Your First Term, in Short

It can feel like a mountain from the bottom, but it is really a short, ordered list. Get the foundations in place, protect your court time, buy the right kit, group the children well, plan fun sessions, look after your parents, and set your fees from day one. Do those, and the coaching - the bit you got into this for - becomes the easy, joyful part.

When you are ready to build out a full term of practices, browse the complete Tennis drills library for hundreds of activities sorted by skill and stage. Your first session will go better than you fear, and by half-term you will wonder why you were ever nervous.

Frequently Asked Questions

How do I start a junior tennis programme?

Start by getting the framework right: book regular court time at an LTA-registered venue, make sure you have a coaching qualification, an in-date DBS check and safeguarding training, and get accredited with the LTA. Buy the right kit for the LTA Youth stages - low-compression balls, smaller rackets and mini nets or lines for the red and orange stages.
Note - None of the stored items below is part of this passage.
(* Let $q$ be a prime power and $d\le n\le m$ integers, let $\tau=\lfloor (d-1)/2\rfloor+1$, and assume $d\le n-1$ when $d$ is odd. Then there exist a code $\mathcal C\subseteq\mathbb F_{q^m}^n$ with minimum rank distance at least $d$ and a word $\mathbf r\in\mathbb F_{q^m}^n$ such that $|\mathcal C\cap\mathcal B_\tau(\mathbf r)|\ge q^{n-\tau}$.
   Context: Fixing a basis of $\mathbb F_{q^m}$ over $\mathbb F_q$, each vector in $\mathbb F_{q^m}^n$ is identified with an $m\times n$ matrix over $\mathbb F_q$; $\mathrm{rk}$ denotes its rank. The minimum rank distance of $\mathcal C$ is $\min\{\mathrm{rk}(\mathbf c_1-\mathbf c_2):\mathbf c_1\ne\mathbf c_2\in\mathcal C\}$, and $\mathcal B_\tau(\mathbf r)=\{\mathbf x:\mathrm{rk}(\mathbf x-\mathbf r)\le\tau\}$. Codes need not be linear. *)

From HB Require Import structures.
From mathcomp Require Import all_boot all_order all_algebra all_field.
Set Implicit Arguments. Unset Strict Implicit. Unset Printing Implicit Defensive.
Import GRing.Theory.
Local Open Scope ring_scope.

(* Vectors of F_{q^m}^n are identified (via a fixed F_q-basis of F_{q^m})
   with m x n matrices over F = F_q; rk is the matrix rank over F_q. *)

Definition min_rank_dist_ge (F : finFieldType) (m n : nat)
  (C : {set 'M[F]_(m, n)}) (d : nat) : Prop :=
  forall c1 c2, c1 \in C -> c2 \in C -> c1 != c2 -> leq d (\rank (c1 - c2)%R).

Definition rk_ball (F : finFieldType) (m n : nat) (tau : nat)
  (r : 'M[F]_(m, n)) : {set 'M[F]_(m, n)} :=
  [set x | leq (\rank (x - r)%R) tau].

(* Put [tau] as in the statement and [k := n - tau]. Multiplication by the
   elements of a degree-[k] extension of [F], restricted to [tau] basis vectors,
   gives [q ^ k] matrices [A_u] of size [tau x k] whose pairwise differences all
   have rank [tau]. Their lifts [[1; A_u^T; 0] *m [1, A_u]] have rank at most
   [tau], so they all lie in the ball of radius [tau] around [0]; the difference
   of two lifts contains [A_u - A_v] and its transpose in disjoint row and
   column blocks, so it has rank at least [2 tau >= d]. *)

From HB Require Import structures.
From mathcomp Require Import all_boot all_order all_algebra all_field.
From mathcomp Require Import zify.
Set Implicit Arguments. Unset Strict Implicit. Unset Printing Implicit Defensive.
Import GRing.Theory passmx.
Local Open Scope ring_scope.

Lemma natr_card_finField (F : finFieldType) : #|F|%:R = 0 :> F.
Proof.
have [p pr_p pcharFp] := finPcharP F.
have card_gt1 := finNzRing_gt1 F.
rewrite (card_pprimeChar pcharFp) in card_gt1 *.
by rewrite natrX (pcharf0 pcharFp) expr0n; case: logn card_gt1.
Qed.

Lemma dim_splitting_field_Xq_X (F : finFieldType) (L : splittingFieldType F) k
    (m := (#|F| ^ k)%N) :
  (0 < k)%N -> splittingFieldFor 1 (map_poly (in_alg L) ('X^m - 'X)) {:L} ->
  \dim {:L} = k.
Proof.
move=> k_gt0; rewrite rmorphB rmorphXn /= map_polyX => -[zs DqL defL].
have m_gt1: (1 < m)%N by rewrite (ltn_exp2l 0) ?finNzRing_gt1.
have Dq: 'X^m - 'X = ('X^(m.-1) - 1) * ('X - 0) :> {poly L}.
  by rewrite subr0 mulrBl mul1r -exprSr prednK // ltnW.
have Uzs: uniq zs.
  rewrite -separable_prod_XsubC -(eqp_separable DqL) Dq separable_root andbC.
  have m1_gt0: (0 < m.-1)%N by rewrite -ltnS prednK // ltnW.
  rewrite /root !hornerE subr_eq0 eq_sym expr0n (gtn_eqF m1_gt0) oner_eq0 /=.
  rewrite cyclotomic.separable_Xn_sub_1 // -subn1 natrB; last exact: ltnW.
  have card0: #|F|%:R = 0 :> L.
    by rewrite -(scaler_nat (R := F)) natr_card_finField scale0r.
  by rewrite subr_eq0 natrX card0 expr0n gtn_eqF // eq_sym oner_eq0.
(* Every element of [L] is a root: the roots form the subfield fixed by the
   [k]-th power of the Frobenius automorphism, and they generate [L]. *)
have [frob _ Dfrob] := finField_galois_generator (sub1v {:L}).
rewrite dimv1 expn1 in Dfrob.
have in_zs: zs =i fixedSpace (frob ^+ k)%g.
  move=> z; rewrite -root_prod_XsubC -(eqp_root DqL) (sameP fixedSpaceP eqP).
  rewrite /root !hornerE subr_eq0 /m; congr (_ == z).
  elim: (k) => [|i IHi]; first by rewrite gal_id.
  by rewrite expgSr expnSr exprM IHi galM ?Dfrob ?memvf.
have all_roots (z : L) : z \in zs.
  suff fixed_full: fixedSpace (frob ^+ k)%g = {:L}%VS.
    by rewrite in_zs fixed_full memvf.
  apply/eqP; rewrite eqEsubv subvf -defL -[fixedSpace _]subfield_closed agenvS //.
  by rewrite subv_add sub1v; apply/span_subvP=> y; rewrite in_zs.
have card_roots: #|FinFieldExtType L| = m.
  have /eq_card->: FinFieldExtType L =i zs by move=> z; rewrite all_roots.
  apply: succn_inj; rewrite (card_uniqP _) //= -(size_prod_XsubC _ id).
  by rewrite -(eqp_size DqL) size_polyDl size_polyXn // size_polyN size_polyX.
apply/eqP; rewrite -(eqn_exp2l _ _ (finNzRing_gt1 F)) -/m -card_roots.
rewrite -(@card_vspace F (finvect_type L) _ fullv).
by apply/eqP/eq_card => x; rewrite memvf.
Qed.

Lemma finField_ext_exists (F : finFieldType) k :
  (0 < k)%N -> exists L : fieldExtType F, \dim {:L} = k.
Proof.
move=> k_gt0; set m := (#|F| ^ k)%N.
have nz_q: 'X^m - 'X != 0 :> {poly F}.
  by rewrite -size_poly_eq0 size_polyDl ?size_polyXn // size_polyN size_polyX ltnS
     (ltn_exp2l 0) ?finNzRing_gt1.
have [L splitL] := FinSplittingFieldFor nz_q.
by exists L; apply: dim_splitting_field_Xq_X.
Qed.

Lemma free_prefix_coef0 (F : fieldType) (vT : vectType F) n t (e : n.-tuple vT) :
  free e -> (t <= n)%N -> forall v : 'rV[F]_t,
  \sum_(i < t) v 0 i *: e`_i = 0 -> v = 0.
Proof.
move=> /freeP free_e; case: t => [_ v _ | t le_tn v sum0]; first exact: thinmx0.
pose w (j : 'I_n) := if (j < t.+1)%N then v 0 (inord j) else 0.
have w_sum0: \sum_(j < n) w j *: e`_j = 0.
  transitivity (\sum_(i < t.+1) v 0 (inord i) *: e`_i).
    rewrite (big_ord_widen n (fun j => v 0 (inord j) *: e`_j) le_tn) [RHS]big_mkcond.
    by apply: eq_bigr => j _; rewrite /w; case: ifP => // _; rewrite scale0r.
  by rewrite -[RHS]sum0; apply: eq_bigr => i _; rewrite inord_val.
apply/rowP => i; have := free_e w w_sum0 (widen_ord le_tn i).
by rewrite /w /= ltn_ord inord_val mxE.
Qed.

Section MultiplicationCode.
Variables (F : fieldType) (L : fieldExtType F).
Local Notation n := (\dim {:L}).
Let e := vbasis {:L}.

(* Row [i] holds the coordinates of [x * e_i], where [x] has coordinates [u]:
   multiplication by [x] restricted to the first [t] basis vectors, which is
   injective when [x != 0]. *)
Definition mrd_mx t (u : 'rV[F]_n) : 'M[F]_(t, n) :=
  \matrix_(i < t) rVof e (vecof e u * e`_i).

Lemma mrd_mxB t u v : mrd_mx t (u - v) = mrd_mx t u - mrd_mx t v.
Proof.
by apply/row_matrixP => i; rewrite linearB /= !rowK raddfB mulrBl raddfB.
Qed.

Lemma rank_mrd_mx t u : (t <= n)%N -> u != 0 -> \rank (mrd_mx t u) = t.
Proof.
move=> le_tn nz_u; have e_basis: basis_of {:L} e := vbasisP {:L}.
apply/eqP/inj_row_free => y y_ker.
apply: (free_prefix_coef0 (basis_free e_basis) le_tn).
have: rVof e (vecof e u * \sum_(i < t) y 0 i *: e`_i) = 0.
  rewrite -[RHS]y_ker mulmx_sum_row mulr_sumr linear_sum; apply: eq_bigr => i _.
  by rewrite rowK -scalerAr linearZ.
move/eqP; rewrite (rVof_eq0 e_basis) mulf_eq0 (vecof_eq0 e_basis).
by rewrite (negbTE nz_u) => /eqP.
Qed.

End MultiplicationCode.

Section LiftedCode.
Variables (F : fieldType) (t k r : nat).

Definition lift_mx (A : 'M[F]_(t, k)) : 'M[F]_(t + (k + r), t + k) :=
  col_mx 1%:M (col_mx A^T 0) *m row_mx 1%:M A.

Lemma rank_lift_mx (A : 'M[F]_(t, k)) : (\rank (lift_mx A) <= t)%N.
Proof. exact: leq_trans (mxrankM_maxr _ _) (rank_leq_row _). Qed.

Lemma lift_mxB (A B : 'M[F]_(t, k)) : lift_mx A - lift_mx B =
  col_mx (row_mx 0 (A - B)) (col_mx (row_mx (A - B)^T (A^T *m A - B^T *m B)) 0).
Proof.
rewrite /lift_mx !mul_col_mx !mul_mx_row !mul1mx !mul0mx !opp_col_mx !add_col_mx.
by rewrite !opp_row_mx !add_row_mx subrr linearB /= subrr !mulmx1 subr0 row_mx0.
Qed.

Lemma double_rank_le_block (D : 'M[F]_(t, k)) (X : 'M[F]_k) :
  (\rank D + \rank D <=
   \rank (col_mx (row_mx 0 D) (col_mx (row_mx D^T X) (0 : 'M_(r, t + k)))))%N.
Proof.
(* Rank-nullity for the projection [P] onto the first [t] columns: the image
   keeps the block [D^T], and the kernel contains the rows [row_mx 0 D]. *)
set Y := col_mx _ _; pose P : 'M[F]_(t + k, t) := col_mx 1%:M 0.
rewrite -(mxrank_mul_ker Y P); apply: leq_add.
  rewrite /Y /P !mul_col_mx !mul_row_col !mulmx0 !mulmx1 !addr0 mul0mx.
  by rewrite rank_col_0mx rank_col_mx0 mxrank_tr.
rewrite -(@rank_row_0mx F t k t D); apply: mxrankS.
rewrite sub_capmx; apply/andP; split.
  by rewrite /Y -addsmxE addsmxSl.
by apply/sub_kermxP; rewrite /P mul_row_col mulmx0 mul0mx addr0.
Qed.

Lemma rank_lift_mxB (A B : 'M[F]_(t, k)) :
  (\rank (A - B)%R + \rank (A - B)%R <= \rank (lift_mx A - lift_mx B)%R)%N.
Proof. by rewrite lift_mxB double_rank_le_block. Qed.

End LiftedCode.

Lemma mrd_code_exists (F : finFieldType) t k : (0 < k)%N -> (t <= k)%N ->
  exists f : 'rV[F]_k -> 'M[F]_(t, k),
    forall u v, u != v -> \rank (f u - f v) = t.
Proof.
move=> k_gt0 le_tk; have [L dimL] := finField_ext_exists F k_gt0; subst k.
exists (mrd_mx t) => u v neq_uv.
by rewrite -mrd_mxB rank_mrd_mx // subr_eq0.
Qed.

Lemma code_in_ball_exists (F : finFieldType) t k r d :
  (0 < t)%N -> (t <= k)%N -> (d <= t + t)%N ->
  exists (C : {set 'M[F]_(t + (k + r), t + k)}) (r0 : 'M[F]_(t + (k + r), t + k)),
    min_rank_dist_ge C d /\ (#|F| ^ k <= #|C :&: rk_ball t r0|)%N.
Proof.
move=> t_gt0 le_tk le_d2t.
have [f rank_fB] := mrd_code_exists F (leq_trans t_gt0 le_tk) le_tk.
pose c u := lift_mx r (f u).
have rank_cB u v : u != v -> (t + t <= \rank (c u - c v)%R)%N.
  by move=> /rank_fB {1 2}<-; apply: rank_lift_mxB.
have c_inj : injective c.
  move=> u v eq_cuv; apply/eqP; apply: contraT => /rank_cB.
  by rewrite eq_cuv subrr mxrank0 leqNgt addn_gt0 t_gt0.
exists [set c u | u : 'rV[F]_k], 0; split.
  move=> _ _ /imsetP[u _ ->] /imsetP[v _ ->] neq_cuv.
  by apply: leq_trans le_d2t (rank_cB u v _); apply: contra neq_cuv => /eqP ->.
rewrite (setIidPl _) ?card_imset // ?card_mx ?mul1n //.
by apply/subsetP => _ /imsetP[u _ ->]; rewrite inE subr0 rank_lift_mx.
Qed.

Lemma double_radius_bounds d n :
  (0 < d)%N -> (d <= n)%N -> (odd d -> (d <= n - 1)%N) ->
  let tau := ((d - 1)./2 + 1)%N in (d <= tau + tau)%N /\ (tau + tau <= n)%N.
Proof.
move=> d_gt0 le_dn le_dn1 tau; have := odd_double_half (d - 1).
rewrite oddB // /= -addnn /tau; case: (odd d) le_dn1 => /= [/(_ isT)|_]; lia.
Qed.

Theorem corollary2 (F : finFieldType) (m n d : nat) :
  (0 < d)%N -> (d <= n)%N -> (n <= m)%N ->
  (odd d -> (d <= n - 1)%N) ->
  let q := #|F| in
  let tau := ((d - 1)./2 + 1)%N in
  exists (C : {set 'M[F]_(m, n)}) (r : 'M[F]_(m, n)),
    min_rank_dist_ge C d /\
    (q ^ (n - tau) <= #|C :&: rk_ball tau r|)%N.
Proof.
move=> d_gt0 le_dn le_nm le_dn1 q tau.
have [le_d2tau le_2tau_n] : (d <= tau + tau)%N /\ (tau + tau <= n)%N :=
  double_radius_bounds d_gt0 le_dn le_dn1.
have tau_gt0 : (0 < tau)%N by rewrite /tau addn1.
clearbody tau; have ->: n = (tau + (n - tau))%N by lia.
have ->: m = (tau + ((n - tau) + (m - n)))%N by lia.
by rewrite addKn; apply: code_in_ball_exists => //; lia.
Qed.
Then group children by stage rather than age, plan short, game-based sessions, and set clear coaching fees from the first week so the money side never falls behind.

Do tennis coaches need a DBS and an LTA qualification?

Yes. To coach juniors in Britain you need a recognised LTA coaching qualification, an in-date enhanced DBS check and completed safeguarding training, and you should hold LTA Accreditation, which ties those checks together and is renewed regularly. Most registered venues and parents will expect to see your accreditation before you take a single session. It is the baseline for working safely with children, not an optional extra - sort it before you advertise your first class.

What are the LTA Youth stages?

LTA Youth (formerly mini tennis) uses colour-coded ball stages so children play on the right size court with the right ball for their age and ability. Red is the entry stage for the youngest players, using the slowest, largest low-compression balls on a small court. Orange comes next on a slightly bigger court with a faster ball, then green, which moves towards a full court with a ball closer to standard speed, before players progress to the yellow ball on a full-size court. Group children by the stage they are ready for, not strictly by age.

How much does junior tennis coaching cost?

It varies by area and group size, but most programmes charge per term or per block of sessions rather than per week, which gives you predictable income and steadier attendance. When you set your fee, cover court hire, balls and kit replacement, your coaching time and any assistant or insurance costs, then divide across the expected group. Collecting termly by Direct Debit or an online payment link keeps cash flow steady and saves you chasing parents week to week. Our subs and coaching fees guide walks through the sums.